- _Source data_

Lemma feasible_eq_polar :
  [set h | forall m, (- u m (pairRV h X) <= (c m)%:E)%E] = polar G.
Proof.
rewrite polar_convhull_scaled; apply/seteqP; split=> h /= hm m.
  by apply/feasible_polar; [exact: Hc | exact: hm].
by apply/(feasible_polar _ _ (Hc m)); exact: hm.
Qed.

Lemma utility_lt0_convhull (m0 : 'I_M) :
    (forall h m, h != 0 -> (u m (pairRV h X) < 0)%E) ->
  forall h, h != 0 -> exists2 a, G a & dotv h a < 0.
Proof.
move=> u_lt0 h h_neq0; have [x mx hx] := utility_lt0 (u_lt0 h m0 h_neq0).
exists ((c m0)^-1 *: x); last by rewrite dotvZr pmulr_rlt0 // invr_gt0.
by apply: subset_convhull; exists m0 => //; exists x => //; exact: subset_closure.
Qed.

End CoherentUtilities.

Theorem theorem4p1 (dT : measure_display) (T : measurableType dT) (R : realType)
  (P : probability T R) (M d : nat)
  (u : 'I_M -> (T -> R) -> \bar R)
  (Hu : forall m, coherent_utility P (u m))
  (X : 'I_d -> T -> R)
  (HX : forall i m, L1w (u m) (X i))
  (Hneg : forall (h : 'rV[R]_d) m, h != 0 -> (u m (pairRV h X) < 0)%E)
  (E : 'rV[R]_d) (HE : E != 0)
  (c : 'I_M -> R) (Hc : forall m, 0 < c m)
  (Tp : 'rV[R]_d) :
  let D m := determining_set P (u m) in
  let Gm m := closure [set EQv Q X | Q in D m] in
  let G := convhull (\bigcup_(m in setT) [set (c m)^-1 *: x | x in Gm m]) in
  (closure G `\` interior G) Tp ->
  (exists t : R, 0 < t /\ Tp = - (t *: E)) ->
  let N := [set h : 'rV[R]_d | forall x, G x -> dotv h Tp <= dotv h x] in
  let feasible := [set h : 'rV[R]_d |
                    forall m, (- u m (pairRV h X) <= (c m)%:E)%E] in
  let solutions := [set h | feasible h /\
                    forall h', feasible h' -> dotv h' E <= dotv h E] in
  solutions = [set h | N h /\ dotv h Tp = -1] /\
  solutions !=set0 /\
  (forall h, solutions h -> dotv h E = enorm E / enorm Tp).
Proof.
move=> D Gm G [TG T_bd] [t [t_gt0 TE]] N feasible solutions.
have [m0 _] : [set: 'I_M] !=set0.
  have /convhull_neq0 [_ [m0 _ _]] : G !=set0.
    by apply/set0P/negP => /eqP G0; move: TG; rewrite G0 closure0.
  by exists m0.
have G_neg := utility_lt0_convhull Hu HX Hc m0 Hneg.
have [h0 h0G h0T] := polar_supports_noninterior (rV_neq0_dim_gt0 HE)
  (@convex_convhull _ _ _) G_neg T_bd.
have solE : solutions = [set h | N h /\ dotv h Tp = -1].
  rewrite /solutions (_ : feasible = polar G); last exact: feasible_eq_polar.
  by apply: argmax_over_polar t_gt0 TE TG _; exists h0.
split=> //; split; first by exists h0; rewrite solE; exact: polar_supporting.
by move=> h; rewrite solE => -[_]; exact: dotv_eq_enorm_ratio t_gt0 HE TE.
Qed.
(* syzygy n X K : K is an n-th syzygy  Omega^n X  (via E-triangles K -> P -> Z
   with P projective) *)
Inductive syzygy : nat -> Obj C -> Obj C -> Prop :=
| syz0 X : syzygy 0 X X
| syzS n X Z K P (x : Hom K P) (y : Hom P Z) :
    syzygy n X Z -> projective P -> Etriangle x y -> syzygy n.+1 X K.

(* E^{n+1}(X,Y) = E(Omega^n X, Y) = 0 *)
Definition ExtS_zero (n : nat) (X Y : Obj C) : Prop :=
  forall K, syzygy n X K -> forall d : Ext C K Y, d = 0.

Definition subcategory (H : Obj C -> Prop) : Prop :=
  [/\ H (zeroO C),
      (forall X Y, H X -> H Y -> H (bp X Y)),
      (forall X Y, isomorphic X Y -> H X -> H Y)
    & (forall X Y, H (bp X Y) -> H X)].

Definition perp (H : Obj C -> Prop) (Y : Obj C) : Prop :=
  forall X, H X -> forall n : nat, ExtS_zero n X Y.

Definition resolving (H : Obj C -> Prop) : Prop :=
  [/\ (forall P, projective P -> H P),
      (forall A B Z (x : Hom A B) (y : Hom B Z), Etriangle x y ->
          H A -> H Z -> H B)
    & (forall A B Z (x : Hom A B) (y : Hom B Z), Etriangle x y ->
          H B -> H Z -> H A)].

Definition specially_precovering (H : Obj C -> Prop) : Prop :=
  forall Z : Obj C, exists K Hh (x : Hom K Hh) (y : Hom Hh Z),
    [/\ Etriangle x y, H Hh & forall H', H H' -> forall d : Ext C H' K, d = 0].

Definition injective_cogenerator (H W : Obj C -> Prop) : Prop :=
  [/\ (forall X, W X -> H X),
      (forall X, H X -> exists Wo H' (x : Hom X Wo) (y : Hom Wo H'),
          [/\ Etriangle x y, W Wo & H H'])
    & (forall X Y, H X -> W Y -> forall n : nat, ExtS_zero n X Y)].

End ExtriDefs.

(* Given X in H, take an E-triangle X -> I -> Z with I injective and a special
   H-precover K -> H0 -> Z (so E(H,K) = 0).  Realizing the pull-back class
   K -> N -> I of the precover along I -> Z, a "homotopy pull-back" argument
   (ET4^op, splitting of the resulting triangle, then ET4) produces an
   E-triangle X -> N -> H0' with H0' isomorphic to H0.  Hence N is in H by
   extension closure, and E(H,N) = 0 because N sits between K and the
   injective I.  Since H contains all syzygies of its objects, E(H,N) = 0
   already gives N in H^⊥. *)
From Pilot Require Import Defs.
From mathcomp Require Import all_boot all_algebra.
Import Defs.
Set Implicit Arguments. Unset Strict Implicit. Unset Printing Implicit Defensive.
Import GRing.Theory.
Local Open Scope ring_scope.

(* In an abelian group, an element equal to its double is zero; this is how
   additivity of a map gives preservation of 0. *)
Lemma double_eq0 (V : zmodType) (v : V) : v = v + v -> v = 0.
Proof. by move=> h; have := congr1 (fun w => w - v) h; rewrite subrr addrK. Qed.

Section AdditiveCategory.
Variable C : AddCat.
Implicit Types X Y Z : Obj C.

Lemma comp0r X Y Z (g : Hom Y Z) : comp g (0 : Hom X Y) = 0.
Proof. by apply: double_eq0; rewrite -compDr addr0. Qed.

- _Work to complete_
Pull each line containing "Import" from the records.

- _Output of the task_
From Pilot Require Import Defs.
From mathcomp Require Import all_boot all_algebra.
Import Defs.
Import GRing.Theory.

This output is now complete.